# What you will do
Repeat exactly, please, the opening lines of the data below, through and including the line where "have prim_Cw : n.-primitive_root" sits.

Saved data entries
○ ○ ○ ○

(* Over Q the minimal polynomial of a primitive root is the cyclotomic
   polynomial, whose roots are all its coprime powers. *)
Lemma minPoly_prim_rootX h : coprime h n -> root (minPoly 1 w) (w ^+ h).
Proof.
move=> co_h_n; have n_gt0 := prim_order_gt0 prim_w.
have prim_Cw : n.-primitive_root (QnC w) by rewrite fmorph_primitive_root.
rewrite -(fmorph_root QnC) rmorphXn.
have [q Dq] : exists q, map_poly QnC (minPoly 1 w) = map_poly ratr q.
  have /(_ _)/sig_eqW a_ i := vlineP _ _ (polyOverP (minPolyOver 1 w) i).
  exists (\poly_(i < size (minPoly 1 w)) sval (a_ i)); apply/polyP=> i.
  rewrite coef_poly coef_map coef_poly /=; case: ifP => _; rewrite ?rmorph0 //.
  by case: (a_ i) => a /= ->; rewrite alg_num_field fmorph_rat.
have: root (map_poly QnC (minPoly 1 w)) (QnC w) by rewrite fmorph_root root_minPoly.
rewrite Dq; have [cq [Dcq _] ->] := minCpolyP (QnC w).
case/dvdpP=> r ->; rewrite rmorphM rootM /= -Dcq (minCpoly_cyclotomic prim_Cw) /cyclotomic.
rewrite (bigD1 (Ordinal (ltn_pmod h n_gt0))) ?coprime_modl //=.
by rewrite rootM root_XsubC prim_expr_mod ?eqxx ?orbT.
Qed.

Hypothesis galQn : galois 1 {:Qn}.

(* The automorphism w |-> w^h, for h coprime to n (junk value 1 otherwise). *)
Definition gal_prim_root_exp (h : nat) : gal_of {:Qn} :=
  odflt 1%g [pick sg : gal_of {:Qn} | sg w == w ^+ h].

Lemma gal_prim_root_expE h : coprime h n -> gal_prim_root_exp h w = w ^+ h.
Proof.
move=> co_h_n; rewrite /gal_prim_root_exp; case: pickP => [sg /eqP // | no_sg].
have /and3P[_ _ nQn] := galQn.
have [sg _ Dsg] :=
  normalField_root_minPoly (sub1v _) nQn (memvf w) (minPoly_prim_rootX co_h_n).
by have := no_sg sg; rewrite Dsg eqxx.
Qed.

Lemma card_Gal_prim_rootX (A : {set gal_of {:Qn}}) (H : {set 'I_n}) :
    (forall h, h \in H -> coprime h n) ->
    (forall (sg : gal_of {:Qn}) (k : 'I_n),
       coprime k n -> sg w = w ^+ k -> (sg \in A) = (k \in H)) ->
  #|A| = #|H|.
Proof.
move=> coH memA; have expE := gal_prim_root_expE.
have -> : A = [set gal_prim_root_exp h | h : 'I_n in H].
  apply/setP=> sg; apply/idP/imsetP => [Asg | [k Hk ->]].
    have [k co_k Dk] := gal_prim_rootX sg; exists k; first by rewrite -(memA sg k).
    by apply: gal_eq_prim_root; rewrite Dk expE.
  by rewrite (memA _ k) ?expE ?coH.
rewrite card_in_imset // => h1 h2 /coH co1 /coH co2 eq_exp.
have := congr1 (fun sg : gal_of {:Qn} => sg w) eq_exp.
rewrite /= !expE // => /eqP; rewrite (eq_prim_root_expr prim_w) !modn_small //.
by move/eqP/val_inj.
Qed.

Lemma card_Gal_cyclotomic : #|'Gal({:Qn} / 1)%g| = totient n.
Proof.
rewrite (card_Gal_prim_rootX (H := [set h : 'I_n | coprime h n])) => [|h|sg k co_k _].
- rewrite totient_count_coprime big_mkord -sum1_card big_mkcond /=.
  by apply: eq_bigr => i _; rewrite inE coprime_sym; case: coprime.
- by rewrite inE.
- by rewrite gal_kHom ?sub1v // k1AHom inE co_k.
Qed.

End CyclotomicField.

Section CayleySpectralField.

Variables (gT : finGroupType) (G : {group gT}) (f : gT -> rat).
Hypothesis fclass : forall x y, x \in G -> y \in G -> f (x ^ y)%g = f x.

Variables (Qn : splittingFieldType rat) (QnC : {rmorphism Qn -> algC}) (w : Qn).
Hypotheses (galQn : galois 1 {:Qn}) (prim_w : #|G|.-primitive_root w)
  (gen_w : <<1; w>>%VS = fullv).
Hypothesis QnC_aut :
  forall sg : gal_of {:Qn}, {nu : {rmorphism algC -> algC} | {morph QnC : a / sg a >-> nu a}}.
Hypothesis Qn_chi : forall i x, x \in G -> exists a, QnC a = 'chi[G]_i x.

Lemma cayley_eigen_Qn (i : Iirr G) : exists a, QnC a == cayley_eigen f i.
Proof.
have QnCS := vimage_subfield QnC {:Qn}%AS.
have Qn_all x : (exists a, QnC a = x) -> vimage QnC fullv x.
  by case=> a <-; exists a; rewrite ?memvf.
suff [a _ ->] : vimage QnC fullv (cayley_eigen f i) by exists a.
apply: subfieldM => //.
  by apply: subfieldV => //; apply: Qn_all; apply: Qn_chi (group1 G).
apply: subfield_sum => // x Gx; apply: subfieldM (subfield_rat QnCS _) _ => //.
by rewrite -irr_inv; apply: Qn_all; apply: Qn_chi; rewrite groupV.
Qed.

Definition eigen_Qn (i : Iirr G) : Qn := xchoose (cayley_eigen_Qn i).

Lemma eigen_QnE (i : Iirr G) : QnC (eigen_Qn i) = cayley_eigen f i.
Proof. exact/eqP/(xchooseP (cayley_eigen_Qn i)). Qed.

○ ○ ○ ○

# Solution for this problem
(* Over Q the minimal polynomial of a primitive root is the cyclotomic
   polynomial, whose roots are all its coprime powers. *)
Lemma minPoly_prim_rootX h : coprime h n -> root (minPoly 1 w) (w ^+ h).
Proof.
move=> co_h_n; have n_gt0 := prim_order_gt0 prim_w.
have prim_Cw : n.-primitive_root (QnC w) by rewrite fmorph_primitive_root.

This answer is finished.